Edukasi dan promosi kesehatan osteoarthritis (OA) merupakan salah satu
komponen terpenting dalam tatalaksana. Pencegahan terhadap OA juga
sebaiknya dilakukan sejak dini, terutama pada pasien yang memiliki faktor
risiko. Edukasi pasien OA yang harus dilakukan adalah:
 Penjelasan perjalanan dan karakteristik OA yang tidak dapat sembuh
 Edukasi mengenai efek samping obat, terutama AINS dan Tramadol
 Edukasi mengenai tanda bahaya (red flags)
 Edukasi mengenai pilihan terapi
 Edukasi mengenai penggunaan alat bantu gerak
Pencegahan dilakukan dengan modifikasi gaya hidup (olahraga, penurunan
berat badan, dan diet rendah kalori). Progresifitas penyakit dan komplikasinya
dapat dihambat dengan fisioterapi dan modifikasi gaya hidup. Kontrol rutin
perlu diperlukan selama 1 tahun sekali atau sesuai dengan kesepakatan dokter
dengan pasien. Tes laboratorium untuk cek fungsi hati dan ginjal dilakukan
setiap 3-6 bulan sekali setelah pengobatan. Pasien harus segera kontrol apabila
mengalami perburukan gejala (mengalami nyeri berlebih hampir setiap hari
dalam 1 bulan) atau nyeri tidak membaik dengan obat-obatan yang diberikan

KOMPLIKASI
Komplikasi yang dapat terjadi pada OA antara lain adalah:
 Penurunan kualitas hidup karena adanya hambatan dalam melakukan
aktivitas sehari-hari akibat nyeri dan peradangan
 Gastropati AINS : gastritis dan gastroesofageal reflux disease (GERD)
 Nefropati AINS
 Efusi sendi akibat artrosentesi atau injeksi intra-artikular
 Stenosis spinal [21]

PROGNOSIS
osteoarthritis (OA) dapat baik apabila penyakit dapat ditemukan pada tahap
kerusakan yang dini. Sampai saat ini belum ditemukan penatalaksanaan yang
dapat menyembuhkan osteoarthritis secara definitif, dan penyakit ini sering
menimbulkan hendaya pada aktifitas sehari-hari.

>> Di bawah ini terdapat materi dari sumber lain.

(* Let $G$ be a finite simple connected graph with no $K_5$ minor, not isomorphic to $C_5$, that has no dynamic $4$-coloring, and suppose $G$ has the minimum number of edges among all such graphs (i.e., every finite simple connected graph with no $K_5$ minor, not isomorphic to $C_5$, and with fewer edges than $G$ is dynamically $4$-colorable). Then $G$ has no separation $(A,B)$ with $|A\cap B|=2$ satisfying both of the following: (i) each vertex in $A\cap B$ has at least two neighbors in the induced subgraph $G[A]$; (ii) if $B\setminus A$ contains a vertex whose set of neighbors (in $G$) is exactly $A\cap B$, then either the two vertices of $A\cap B$ are adjacent or $A\setminus B$ contains a vertex whose set of neighbors is exactly $A\cap B$.
   Context: All graphs are finite and simple. Given a proper vertex coloring of a graph, a vertex $v$ is happy if either $v$ has at most one neighbor or $v$ has two neighbors receiving distinct colors. A dynamic $4$-coloring is a proper vertex coloring with at most $4$ colors in which every vertex is happy. A separation of a graph $G$ is a pair $(A,B)$ of subsets of $V(G)$ with $A\cup B=V(G)$, $A\setminus B\neq\emptyset$, $B\setminus A\neq\emptyset$, and no vertex of $A\setminus B$ adjacent to a vertex of $B\setminus A$; its order is $|A\cap B|$. *)

From mathcomp Require Import all_boot.
Set Implicit Arguments. Unset Strict Implicit. Unset Printing Implicit Defensive.

Definition simple_graph (T : finType) (e : rel T) : Prop :=
  symmetric e /\ irreflexive e.

Definition graph_connected (T : finType) (e : rel T) : Prop :=
  forall x y : T, connect e x y.

Definition nedges (T : finType) (e : rel T) : nat :=
  #|[set p : T * T | e p.1 p.2]| %/ 2.

Definition induced_connected (T : finType) (e : rel T) (S : {set T}) : Prop :=
  forall x y, x \in S -> y \in S ->
    connect (fun a b => [&& a \in S, b \in S & e a b]) x y.

Definition has_K5_minor (T : finType) (e : rel T) : Prop :=
  exists f : 'I_5 -> {set T},
    (forall i, f i != set0) /\
    (forall i, induced_connected e (f i)) /\
    (forall i j, i != j -> [disjoint f i & f j]) /\
    (forall i j, i != j -> exists x y, [/\ x \in f i, y \in f j & e x y]).

Definition c5_rel (i j : 'I_5) : bool :=
  (val j == (val i).+1 %% 5) || (val i == (val j).+1 %% 5).

Definition iso_C5 (T : finType) (e : rel T) : Prop :=
  exists h : T -> 'I_5, bijective h /\ forall x y, e x y = c5_rel (h x) (h y).

Definition proper_coloring (T : finType) (e : rel T) (k : nat) (c : T -> 'I_k) : Prop :=
  forall x y, e x y -> c x != c y.

Definition happy (T : finType) (e : rel T) (k : nat) (c : T -> 'I_k) (v : T) : Prop :=
  #|[set u | e v u]| <= 1 \/ exists u w, [/\ e v u, e v w & c u != c w].

Definition dynamic_coloring (T : finType) (e : rel T) (k : nat) (c : T -> 'I_k) : Prop :=
  proper_coloring e c /\ forall v, happy e c v.

Definition dyn4_colorable (T : finType) (e : rel T) : Prop :=
  exists c : T -> 'I_4, dynamic_coloring e c.

Definition separation (T : finType) (e : rel T) (A B : {set T}) : Prop :=
  [/\ A :|: B = setT, A :\: B != set0, B :\: A != set0 &
      forall x y, x \in A :\: B -> y \in B :\: A -> ~~ e x y].

Definition nbhd (T : finType) (e : rel T) (v : T) : {set T} := [set u | e v u].

From mathcomp Require Import all_boot all_fingroup.
From Stdlib Require Import Classical.
Set Implicit Arguments. Unset Strict Implicit. Unset Printing Implicit Defensive.

(* Let (A, B) be such a separation with A :&: B = {x, y}; as G is connected, one of x, y,
   say x, has a neighbour b in B :\: A.  Each side with one edge through the cut deleted is a
   smaller K5-minor-free graph, so by minimality it has a dynamic 4-colouring, or, if it is
   C5, a colouring that fails only at a chosen root and only in a controlled way.  After a
   permutation of the colours on the B side the two colourings agree on x and y and glue to a
   dynamic colouring of G, each cut vertex being made happy by the side on which it sees two
   colours.
   - If x and y are adjacent, colour G[A] rooted at x and G[B] rooted at y.
   - If they are non-adjacent but joined inside A, colour G[A] rooted at x.  The B side must
     repeat the equality pattern of the colours of x and y: colour G[B] plus the edge xy, or
     G[B] with y identified with x.  Both are minors of G (contract a path of A, resp. all of
     A), and condition (ii) ensures that the identification keeps B :\: A happy.
   - Otherwise colour G[B] and the components of x and of y in G[A] separately. *)

Section InducedConnectivity.
Variable T : finType.
Implicit Types (X K : {set T}) (r : rel T).

Definition induced X r : rel T := fun a b => [&& a \in X, b \in X & r a b].

Lemma connect_stable r K a b :
  a \in K -> (forall u v, u \in K -> r u v -> v \in K) -> connect r a b -> b \in K.
Proof.
move=> aK Kr /connectP [p pth ->]; elim: p a aK pth => //= c p IH a aK /andP [rac pth].
exact: IH (Kr _ _ aK rac) pth.
Qed.

Lemma connect_induced_mem X r a b : a \in X -> connect (induced X r) a b -> b \in X.
Proof. by move=> aX; apply: (connect_stable aX) => u v _ /and3P []. Qed.

Lemma induced_sym X r : symmetric r -> symmetric (induced X r).
Proof. by move=> sr a b; rewrite /induced sr andbCA. Qed.

Lemma boundary_edge r K v t : graph_connected r -> v \in K -> t \notin K ->
  exists w w', [/\ w \in K, w' \notin K & r w w'].
Proof.
move=> rc vK tK.
case: (boolP [exists w, exists w', [&& w \in K, w' \notin K & r w w']]).
  by case/existsP=> w /existsP [w' /and3P [wK w'K rww']]; exists w, w'.
rewrite negb_exists => /forallP noedge; case/negP: tK.
apply: (connect_stable vK _ (rc v t)) => u w uK ruw; apply: contraT => wK.
by move: (noedge u); rewrite negb_exists => /forallP /(_ w); rewrite uK wK ruw.
Qed.

Definition component X r x : {set T} := [set w | connect (induced X r) x w].

Lemma component_self X r x : x \in component X r x.
Proof. by rewrite inE connect0. Qed.

Lemma component_mem X r x u : x \in X -> u \in component X r x -> u \in X.
Proof. by move=> xX; rewrite inE; apply: connect_induced_mem. Qed.

Lemma component_step X r x u v :
  x \in X -> u \in component X r x -> v \in X -> r u v -> v \in component X r x.
Proof.
move=> xX uC vX ruv; have uX := component_mem xX uC.
by move: uC; rewrite !inE => C; apply: connect_trans C (connect1 _); rewrite /induced uX vX.
Qed.

Lemma component_disjoint X r x y v : symmetric r -> ~~ connect (induced X r) x y ->
  v \in component X r y -> v \notin component X r x.
Proof.
move=> sr nxy; rewrite !inE => yv; apply: contra nxy => xv.
by apply: connect_trans xv _; rewrite (sym_connect_sym (induced_sym X sr)).
Qed.

Lemma component_induced_connected X r x :
  symmetric r -> induced_connected r (component X r x).
Proof.
set C := component X r x => sr.
have xC v : v \in C -> connect (induced C r) x v.
  rewrite inE => xv; suff : v \in [set w | connect (induced C r) x w] by rewrite inE.
  apply: (connect_stable _ _ xv); first by rewrite inE connect0.
  move=> u w; rewrite !inE => xu ruw.
  have uC : u \in C := connect_induced_mem (component_self X r x) xu.
  have wC : w \in C by move: uC; rewrite !inE => xu'; apply: connect_trans xu' (connect1 ruw).
  by apply: connect_trans xu (connect1 _); rewrite /induced uC wC; case/and3P: ruw.
move=> a b aC bC; apply: connect_trans (xC b bC).
by rewrite (sym_connect_sym (induced_sym C sr)) xC.
Qed.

Osteoarthritis adalah penyakit yang berjalan kronis dan progresif. Sampai saat
ini belum ditemukan metode terapi yang dapat menyembuhkan OA, namun
demikian, modalitas terapi yang ada dapat mengatasi keluhan, menghambat
progresifitas penyakit, dan menjaga fungsi sendi. Komplikasi akibat obat AINS
sangat sering terjadi dan dapat memberatkan gangguan kualitas hidup.
Prognosis pasien lebih baik jika dilakukan penggantian sendi total.[21]